▸ BRIEF
The required output is the exact run of lines below that opens at the line with "split; rewrite ?ltn_pmod //." and closes at the line with "move=> le_Ld lt_im lt_t; have m_gt0".

▸ PROVIDED RECORDS
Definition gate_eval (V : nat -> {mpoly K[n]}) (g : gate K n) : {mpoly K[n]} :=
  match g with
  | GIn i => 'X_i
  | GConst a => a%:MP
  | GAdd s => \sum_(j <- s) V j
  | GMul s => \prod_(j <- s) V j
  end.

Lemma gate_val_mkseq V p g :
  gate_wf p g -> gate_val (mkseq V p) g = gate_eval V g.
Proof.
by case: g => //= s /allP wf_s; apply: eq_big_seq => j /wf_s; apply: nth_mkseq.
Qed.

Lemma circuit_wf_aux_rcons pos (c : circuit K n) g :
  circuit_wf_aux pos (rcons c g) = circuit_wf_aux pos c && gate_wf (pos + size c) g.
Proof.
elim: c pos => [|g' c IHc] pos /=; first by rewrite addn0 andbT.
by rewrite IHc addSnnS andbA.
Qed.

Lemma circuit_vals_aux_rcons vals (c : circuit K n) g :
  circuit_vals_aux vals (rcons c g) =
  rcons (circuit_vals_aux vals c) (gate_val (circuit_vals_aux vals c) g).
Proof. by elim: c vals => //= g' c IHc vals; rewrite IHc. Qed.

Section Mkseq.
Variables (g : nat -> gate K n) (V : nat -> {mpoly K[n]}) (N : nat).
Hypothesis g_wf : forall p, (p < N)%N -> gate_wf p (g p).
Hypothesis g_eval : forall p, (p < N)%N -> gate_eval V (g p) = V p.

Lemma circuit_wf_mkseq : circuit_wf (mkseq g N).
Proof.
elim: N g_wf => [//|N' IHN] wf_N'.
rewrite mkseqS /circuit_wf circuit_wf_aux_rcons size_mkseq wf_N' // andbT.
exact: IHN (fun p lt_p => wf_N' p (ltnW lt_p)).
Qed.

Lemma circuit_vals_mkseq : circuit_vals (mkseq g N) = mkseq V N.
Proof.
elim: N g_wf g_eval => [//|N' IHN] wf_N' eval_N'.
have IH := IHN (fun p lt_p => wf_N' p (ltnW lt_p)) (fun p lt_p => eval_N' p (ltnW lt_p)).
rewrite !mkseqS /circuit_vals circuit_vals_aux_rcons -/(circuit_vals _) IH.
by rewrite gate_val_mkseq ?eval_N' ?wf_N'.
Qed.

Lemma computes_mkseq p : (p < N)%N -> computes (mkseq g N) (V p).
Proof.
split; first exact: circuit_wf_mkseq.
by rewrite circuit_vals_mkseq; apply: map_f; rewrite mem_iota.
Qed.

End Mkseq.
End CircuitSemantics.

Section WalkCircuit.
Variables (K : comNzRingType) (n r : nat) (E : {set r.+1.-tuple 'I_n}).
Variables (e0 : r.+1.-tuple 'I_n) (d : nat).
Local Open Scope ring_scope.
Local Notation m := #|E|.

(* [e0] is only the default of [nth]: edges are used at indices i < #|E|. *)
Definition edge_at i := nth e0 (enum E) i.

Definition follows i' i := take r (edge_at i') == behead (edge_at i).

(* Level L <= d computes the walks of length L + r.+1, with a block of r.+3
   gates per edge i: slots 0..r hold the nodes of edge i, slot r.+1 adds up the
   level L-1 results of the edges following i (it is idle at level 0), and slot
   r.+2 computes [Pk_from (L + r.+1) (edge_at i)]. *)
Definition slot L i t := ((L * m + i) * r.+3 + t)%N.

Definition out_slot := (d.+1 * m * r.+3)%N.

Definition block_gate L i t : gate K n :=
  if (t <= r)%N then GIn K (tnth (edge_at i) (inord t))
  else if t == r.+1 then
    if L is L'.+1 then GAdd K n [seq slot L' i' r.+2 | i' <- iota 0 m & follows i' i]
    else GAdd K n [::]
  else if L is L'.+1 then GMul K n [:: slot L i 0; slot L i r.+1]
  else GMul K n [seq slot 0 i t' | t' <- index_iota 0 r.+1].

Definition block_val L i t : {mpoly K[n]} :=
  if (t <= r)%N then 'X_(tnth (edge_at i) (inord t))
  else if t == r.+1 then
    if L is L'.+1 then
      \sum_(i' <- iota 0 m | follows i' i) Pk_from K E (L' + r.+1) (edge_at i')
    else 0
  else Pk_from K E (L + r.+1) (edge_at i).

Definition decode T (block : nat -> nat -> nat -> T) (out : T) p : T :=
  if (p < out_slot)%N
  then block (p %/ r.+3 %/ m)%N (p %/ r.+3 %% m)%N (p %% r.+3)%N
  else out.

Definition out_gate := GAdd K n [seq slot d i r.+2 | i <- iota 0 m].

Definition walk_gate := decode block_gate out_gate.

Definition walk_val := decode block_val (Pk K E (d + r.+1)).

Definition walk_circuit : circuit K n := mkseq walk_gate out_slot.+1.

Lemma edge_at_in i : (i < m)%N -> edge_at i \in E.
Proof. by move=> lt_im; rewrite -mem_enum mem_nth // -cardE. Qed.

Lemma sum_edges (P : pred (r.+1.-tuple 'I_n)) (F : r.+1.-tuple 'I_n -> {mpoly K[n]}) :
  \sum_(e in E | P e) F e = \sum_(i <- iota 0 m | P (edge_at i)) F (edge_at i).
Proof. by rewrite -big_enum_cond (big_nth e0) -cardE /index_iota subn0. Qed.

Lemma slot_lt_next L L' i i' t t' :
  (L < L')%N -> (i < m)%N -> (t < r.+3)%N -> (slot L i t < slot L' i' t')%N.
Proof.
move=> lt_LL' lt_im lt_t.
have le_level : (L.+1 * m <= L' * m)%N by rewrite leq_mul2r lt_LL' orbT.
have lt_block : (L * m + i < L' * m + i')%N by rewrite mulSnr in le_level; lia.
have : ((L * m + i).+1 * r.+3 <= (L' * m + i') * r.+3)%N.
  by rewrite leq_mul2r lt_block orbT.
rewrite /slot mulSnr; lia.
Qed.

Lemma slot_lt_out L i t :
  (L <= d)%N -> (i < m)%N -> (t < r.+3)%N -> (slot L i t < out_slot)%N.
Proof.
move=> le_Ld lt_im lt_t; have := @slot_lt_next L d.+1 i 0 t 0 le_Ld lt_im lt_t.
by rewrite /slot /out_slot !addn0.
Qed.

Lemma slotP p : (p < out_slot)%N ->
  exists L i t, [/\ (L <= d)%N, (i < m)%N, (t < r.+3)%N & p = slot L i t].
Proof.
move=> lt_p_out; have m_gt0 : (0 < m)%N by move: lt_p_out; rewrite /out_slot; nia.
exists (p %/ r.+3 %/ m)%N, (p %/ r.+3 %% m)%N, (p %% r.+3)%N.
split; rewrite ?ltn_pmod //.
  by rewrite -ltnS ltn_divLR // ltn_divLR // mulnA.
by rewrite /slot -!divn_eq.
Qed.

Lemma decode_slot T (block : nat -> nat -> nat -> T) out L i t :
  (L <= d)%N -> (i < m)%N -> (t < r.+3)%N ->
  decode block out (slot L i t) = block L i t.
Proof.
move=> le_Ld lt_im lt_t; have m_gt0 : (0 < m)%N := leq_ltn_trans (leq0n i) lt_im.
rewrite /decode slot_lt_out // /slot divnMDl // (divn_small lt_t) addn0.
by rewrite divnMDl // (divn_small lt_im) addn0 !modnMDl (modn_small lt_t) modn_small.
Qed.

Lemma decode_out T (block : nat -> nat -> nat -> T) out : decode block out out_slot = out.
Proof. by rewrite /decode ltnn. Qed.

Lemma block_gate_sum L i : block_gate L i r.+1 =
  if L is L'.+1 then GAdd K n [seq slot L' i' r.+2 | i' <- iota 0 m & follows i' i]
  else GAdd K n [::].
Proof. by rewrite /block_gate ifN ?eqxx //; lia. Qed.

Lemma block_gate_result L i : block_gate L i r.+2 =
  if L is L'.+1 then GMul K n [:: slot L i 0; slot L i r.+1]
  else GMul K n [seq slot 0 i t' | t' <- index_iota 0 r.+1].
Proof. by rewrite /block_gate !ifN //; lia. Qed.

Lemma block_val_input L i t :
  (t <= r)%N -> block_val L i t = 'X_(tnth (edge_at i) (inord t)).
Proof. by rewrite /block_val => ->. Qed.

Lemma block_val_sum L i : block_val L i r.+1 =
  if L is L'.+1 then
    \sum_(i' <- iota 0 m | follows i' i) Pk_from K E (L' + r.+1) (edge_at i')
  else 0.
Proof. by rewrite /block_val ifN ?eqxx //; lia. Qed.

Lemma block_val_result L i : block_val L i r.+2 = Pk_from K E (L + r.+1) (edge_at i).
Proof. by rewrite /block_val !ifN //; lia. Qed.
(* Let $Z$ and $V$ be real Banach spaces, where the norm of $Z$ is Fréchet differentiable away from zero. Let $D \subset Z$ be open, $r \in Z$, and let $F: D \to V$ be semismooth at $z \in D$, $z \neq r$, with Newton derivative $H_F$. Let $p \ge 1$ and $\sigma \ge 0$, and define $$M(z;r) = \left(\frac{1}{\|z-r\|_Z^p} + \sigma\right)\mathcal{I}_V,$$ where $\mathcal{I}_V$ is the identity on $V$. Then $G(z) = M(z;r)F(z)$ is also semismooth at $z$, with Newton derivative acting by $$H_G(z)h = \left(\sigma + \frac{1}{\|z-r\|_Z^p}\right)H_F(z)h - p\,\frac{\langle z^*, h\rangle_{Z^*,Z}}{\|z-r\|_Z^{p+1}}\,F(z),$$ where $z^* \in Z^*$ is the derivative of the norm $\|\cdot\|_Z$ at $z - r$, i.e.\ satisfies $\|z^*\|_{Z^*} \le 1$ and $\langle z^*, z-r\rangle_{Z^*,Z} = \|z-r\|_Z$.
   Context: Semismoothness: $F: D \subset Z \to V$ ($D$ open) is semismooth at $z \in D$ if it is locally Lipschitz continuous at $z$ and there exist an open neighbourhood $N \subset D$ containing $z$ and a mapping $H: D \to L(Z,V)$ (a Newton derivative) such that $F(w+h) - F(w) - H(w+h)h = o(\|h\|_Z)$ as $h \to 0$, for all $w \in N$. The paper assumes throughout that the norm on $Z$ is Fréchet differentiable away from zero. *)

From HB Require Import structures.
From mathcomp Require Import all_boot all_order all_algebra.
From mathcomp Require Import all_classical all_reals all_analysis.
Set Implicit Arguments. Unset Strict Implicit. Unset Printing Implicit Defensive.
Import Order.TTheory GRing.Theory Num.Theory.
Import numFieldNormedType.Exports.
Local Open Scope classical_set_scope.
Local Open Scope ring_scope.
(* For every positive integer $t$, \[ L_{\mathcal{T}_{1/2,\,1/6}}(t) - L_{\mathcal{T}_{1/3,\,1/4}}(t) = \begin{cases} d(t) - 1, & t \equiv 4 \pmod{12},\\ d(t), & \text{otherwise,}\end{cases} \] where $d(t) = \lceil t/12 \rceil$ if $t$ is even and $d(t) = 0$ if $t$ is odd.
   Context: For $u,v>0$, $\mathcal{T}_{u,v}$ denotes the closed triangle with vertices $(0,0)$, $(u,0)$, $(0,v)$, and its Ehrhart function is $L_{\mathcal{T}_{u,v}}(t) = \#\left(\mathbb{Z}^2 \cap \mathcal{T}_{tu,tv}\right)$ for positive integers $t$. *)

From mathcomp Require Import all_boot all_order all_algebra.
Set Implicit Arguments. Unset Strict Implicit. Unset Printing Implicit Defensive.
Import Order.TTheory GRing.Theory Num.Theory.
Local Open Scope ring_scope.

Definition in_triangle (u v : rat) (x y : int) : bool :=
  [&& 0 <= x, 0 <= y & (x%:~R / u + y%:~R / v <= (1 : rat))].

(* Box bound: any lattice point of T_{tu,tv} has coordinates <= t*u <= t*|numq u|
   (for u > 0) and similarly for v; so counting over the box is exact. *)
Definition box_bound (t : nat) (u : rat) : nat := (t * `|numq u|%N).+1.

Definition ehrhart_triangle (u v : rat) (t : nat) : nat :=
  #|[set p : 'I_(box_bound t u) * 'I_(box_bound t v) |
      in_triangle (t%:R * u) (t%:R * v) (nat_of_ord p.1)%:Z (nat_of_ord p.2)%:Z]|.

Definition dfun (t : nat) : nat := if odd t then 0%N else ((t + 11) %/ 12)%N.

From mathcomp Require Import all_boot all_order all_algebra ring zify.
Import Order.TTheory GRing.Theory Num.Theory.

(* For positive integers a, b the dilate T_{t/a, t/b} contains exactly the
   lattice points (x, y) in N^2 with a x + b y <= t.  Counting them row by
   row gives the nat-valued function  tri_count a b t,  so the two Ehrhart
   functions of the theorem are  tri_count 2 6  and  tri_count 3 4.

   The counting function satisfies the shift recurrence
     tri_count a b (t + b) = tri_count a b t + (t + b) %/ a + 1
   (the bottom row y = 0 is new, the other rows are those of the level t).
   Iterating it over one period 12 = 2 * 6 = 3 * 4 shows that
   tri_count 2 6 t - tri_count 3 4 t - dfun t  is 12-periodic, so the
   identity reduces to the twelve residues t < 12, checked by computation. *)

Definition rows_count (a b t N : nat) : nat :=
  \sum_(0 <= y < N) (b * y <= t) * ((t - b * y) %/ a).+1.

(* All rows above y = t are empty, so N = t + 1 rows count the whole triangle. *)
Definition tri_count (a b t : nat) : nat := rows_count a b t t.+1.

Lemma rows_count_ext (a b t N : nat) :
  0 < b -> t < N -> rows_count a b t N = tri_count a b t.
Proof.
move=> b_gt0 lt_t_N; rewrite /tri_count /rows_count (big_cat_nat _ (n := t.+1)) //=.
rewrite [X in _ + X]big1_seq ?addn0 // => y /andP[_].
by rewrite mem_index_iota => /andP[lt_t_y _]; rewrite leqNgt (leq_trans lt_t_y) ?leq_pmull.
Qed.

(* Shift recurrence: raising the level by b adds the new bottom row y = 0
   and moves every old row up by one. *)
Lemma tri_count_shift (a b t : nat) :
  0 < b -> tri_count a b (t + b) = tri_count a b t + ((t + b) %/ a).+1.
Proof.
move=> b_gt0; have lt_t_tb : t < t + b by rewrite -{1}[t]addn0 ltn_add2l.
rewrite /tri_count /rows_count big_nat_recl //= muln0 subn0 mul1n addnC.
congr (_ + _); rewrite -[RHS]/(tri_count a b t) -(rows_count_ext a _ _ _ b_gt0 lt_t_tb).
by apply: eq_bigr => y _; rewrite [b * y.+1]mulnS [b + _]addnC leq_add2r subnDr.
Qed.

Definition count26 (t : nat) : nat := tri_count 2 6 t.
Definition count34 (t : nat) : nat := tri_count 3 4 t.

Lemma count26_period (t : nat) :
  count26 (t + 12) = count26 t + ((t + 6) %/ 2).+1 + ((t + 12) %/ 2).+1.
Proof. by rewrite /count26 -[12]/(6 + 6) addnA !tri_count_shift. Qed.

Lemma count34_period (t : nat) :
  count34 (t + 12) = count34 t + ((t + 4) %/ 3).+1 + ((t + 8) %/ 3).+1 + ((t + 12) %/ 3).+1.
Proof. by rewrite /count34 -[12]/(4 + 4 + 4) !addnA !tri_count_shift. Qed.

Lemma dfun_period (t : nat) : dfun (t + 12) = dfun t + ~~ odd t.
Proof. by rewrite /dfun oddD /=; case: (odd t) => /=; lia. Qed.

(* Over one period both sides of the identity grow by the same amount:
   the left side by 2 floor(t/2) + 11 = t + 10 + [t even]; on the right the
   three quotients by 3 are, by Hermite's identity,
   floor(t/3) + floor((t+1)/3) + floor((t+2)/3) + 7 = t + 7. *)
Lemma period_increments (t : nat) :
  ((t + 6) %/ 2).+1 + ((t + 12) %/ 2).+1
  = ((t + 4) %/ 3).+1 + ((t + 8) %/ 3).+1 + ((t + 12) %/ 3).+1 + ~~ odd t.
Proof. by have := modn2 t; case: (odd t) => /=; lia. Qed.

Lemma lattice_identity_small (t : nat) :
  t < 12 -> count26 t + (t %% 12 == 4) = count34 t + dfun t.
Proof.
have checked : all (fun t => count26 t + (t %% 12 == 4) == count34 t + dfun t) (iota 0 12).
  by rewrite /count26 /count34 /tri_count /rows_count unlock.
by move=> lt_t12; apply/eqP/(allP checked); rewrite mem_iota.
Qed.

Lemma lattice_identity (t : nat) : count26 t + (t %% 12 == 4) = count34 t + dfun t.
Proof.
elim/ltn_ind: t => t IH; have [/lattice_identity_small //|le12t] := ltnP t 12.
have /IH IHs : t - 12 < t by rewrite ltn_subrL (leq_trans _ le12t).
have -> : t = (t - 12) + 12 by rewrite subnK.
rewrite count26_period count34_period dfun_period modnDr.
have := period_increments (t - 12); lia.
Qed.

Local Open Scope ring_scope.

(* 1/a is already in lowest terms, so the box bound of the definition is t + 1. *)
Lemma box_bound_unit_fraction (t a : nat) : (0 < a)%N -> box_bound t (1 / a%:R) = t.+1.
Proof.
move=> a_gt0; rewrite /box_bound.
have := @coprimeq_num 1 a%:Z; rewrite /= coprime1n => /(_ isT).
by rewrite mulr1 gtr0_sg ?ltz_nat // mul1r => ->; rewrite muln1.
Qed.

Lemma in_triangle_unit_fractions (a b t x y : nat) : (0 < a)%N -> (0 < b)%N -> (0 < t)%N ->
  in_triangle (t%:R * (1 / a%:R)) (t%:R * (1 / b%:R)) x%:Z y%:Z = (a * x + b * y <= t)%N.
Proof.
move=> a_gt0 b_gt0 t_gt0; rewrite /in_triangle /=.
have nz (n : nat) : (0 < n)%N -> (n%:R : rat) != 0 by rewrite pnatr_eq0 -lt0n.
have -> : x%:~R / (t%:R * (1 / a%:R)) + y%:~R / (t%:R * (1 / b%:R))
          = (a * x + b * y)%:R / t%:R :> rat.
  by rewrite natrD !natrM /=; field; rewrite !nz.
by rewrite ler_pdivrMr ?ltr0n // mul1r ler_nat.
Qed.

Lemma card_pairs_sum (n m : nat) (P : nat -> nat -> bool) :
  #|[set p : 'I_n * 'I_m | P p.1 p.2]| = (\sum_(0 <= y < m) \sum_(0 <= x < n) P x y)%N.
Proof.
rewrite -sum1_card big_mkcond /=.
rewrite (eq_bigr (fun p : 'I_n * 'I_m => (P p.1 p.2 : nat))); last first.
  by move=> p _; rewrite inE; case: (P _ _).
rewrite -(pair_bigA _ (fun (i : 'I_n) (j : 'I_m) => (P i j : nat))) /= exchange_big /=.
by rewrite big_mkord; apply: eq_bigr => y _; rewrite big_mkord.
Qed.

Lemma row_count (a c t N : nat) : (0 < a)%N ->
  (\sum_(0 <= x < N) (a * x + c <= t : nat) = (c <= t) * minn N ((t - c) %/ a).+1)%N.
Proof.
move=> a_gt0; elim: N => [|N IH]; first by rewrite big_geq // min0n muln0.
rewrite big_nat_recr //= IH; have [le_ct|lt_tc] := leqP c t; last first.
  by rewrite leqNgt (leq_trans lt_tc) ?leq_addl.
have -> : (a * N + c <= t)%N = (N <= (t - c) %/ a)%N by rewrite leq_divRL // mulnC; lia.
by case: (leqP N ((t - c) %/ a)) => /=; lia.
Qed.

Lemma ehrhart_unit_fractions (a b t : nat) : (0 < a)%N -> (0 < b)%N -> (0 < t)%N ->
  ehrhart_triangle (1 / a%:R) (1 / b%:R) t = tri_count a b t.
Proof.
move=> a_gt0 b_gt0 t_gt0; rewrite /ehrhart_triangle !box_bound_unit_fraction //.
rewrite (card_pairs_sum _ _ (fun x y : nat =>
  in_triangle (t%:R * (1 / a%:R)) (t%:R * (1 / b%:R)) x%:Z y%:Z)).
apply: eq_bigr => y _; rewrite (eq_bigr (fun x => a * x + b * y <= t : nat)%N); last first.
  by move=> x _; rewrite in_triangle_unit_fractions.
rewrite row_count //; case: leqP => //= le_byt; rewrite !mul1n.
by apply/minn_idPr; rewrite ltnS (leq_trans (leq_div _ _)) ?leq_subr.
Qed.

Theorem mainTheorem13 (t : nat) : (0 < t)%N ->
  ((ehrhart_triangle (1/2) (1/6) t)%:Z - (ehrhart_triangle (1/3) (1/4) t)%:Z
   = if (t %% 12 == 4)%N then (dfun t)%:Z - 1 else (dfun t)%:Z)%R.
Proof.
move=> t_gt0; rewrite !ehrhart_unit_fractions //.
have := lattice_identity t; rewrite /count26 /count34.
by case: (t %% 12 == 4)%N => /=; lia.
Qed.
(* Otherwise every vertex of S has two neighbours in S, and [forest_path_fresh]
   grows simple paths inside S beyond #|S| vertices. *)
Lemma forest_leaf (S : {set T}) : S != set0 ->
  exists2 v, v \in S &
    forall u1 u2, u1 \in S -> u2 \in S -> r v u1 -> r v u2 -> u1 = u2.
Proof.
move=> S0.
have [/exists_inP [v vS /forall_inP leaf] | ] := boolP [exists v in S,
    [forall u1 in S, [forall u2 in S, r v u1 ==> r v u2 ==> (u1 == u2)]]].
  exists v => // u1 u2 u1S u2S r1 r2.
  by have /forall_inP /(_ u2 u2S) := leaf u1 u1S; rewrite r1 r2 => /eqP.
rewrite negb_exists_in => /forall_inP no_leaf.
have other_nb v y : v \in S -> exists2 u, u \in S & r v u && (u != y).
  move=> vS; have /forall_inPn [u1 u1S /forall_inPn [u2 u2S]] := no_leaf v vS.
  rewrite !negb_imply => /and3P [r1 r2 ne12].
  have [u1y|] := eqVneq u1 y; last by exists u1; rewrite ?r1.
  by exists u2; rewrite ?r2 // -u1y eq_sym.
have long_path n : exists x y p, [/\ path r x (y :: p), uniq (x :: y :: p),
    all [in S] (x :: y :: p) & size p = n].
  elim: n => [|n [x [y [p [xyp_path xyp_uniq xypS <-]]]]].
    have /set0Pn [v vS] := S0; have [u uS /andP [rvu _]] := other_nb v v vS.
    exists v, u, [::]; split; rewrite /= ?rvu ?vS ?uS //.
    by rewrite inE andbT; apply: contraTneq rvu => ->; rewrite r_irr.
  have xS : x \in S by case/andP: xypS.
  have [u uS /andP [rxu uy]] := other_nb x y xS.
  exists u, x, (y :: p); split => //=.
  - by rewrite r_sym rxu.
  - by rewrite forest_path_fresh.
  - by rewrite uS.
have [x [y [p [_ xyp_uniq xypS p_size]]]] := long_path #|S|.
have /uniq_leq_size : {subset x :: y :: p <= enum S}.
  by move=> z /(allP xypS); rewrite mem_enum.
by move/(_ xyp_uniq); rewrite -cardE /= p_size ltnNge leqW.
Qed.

▸ OUTPUT FOR THIS TASK
split; rewrite ?ltn_pmod //.
  by rewrite -ltnS ltn_divLR // ltn_divLR // mulnA.
by rewrite /slot -!divn_eq.
Qed.

Lemma decode_slot T (block : nat -> nat -> nat -> T) out L i t :
  (L <= d)%N -> (i < m)%N -> (t < r.+3)%N ->
  decode block out (slot L i t) = block L i t.
Proof.
move=> le_Ld lt_im lt_t; have m_gt0 : (0 < m)%N := leq_ltn_trans (leq0n i) lt_im.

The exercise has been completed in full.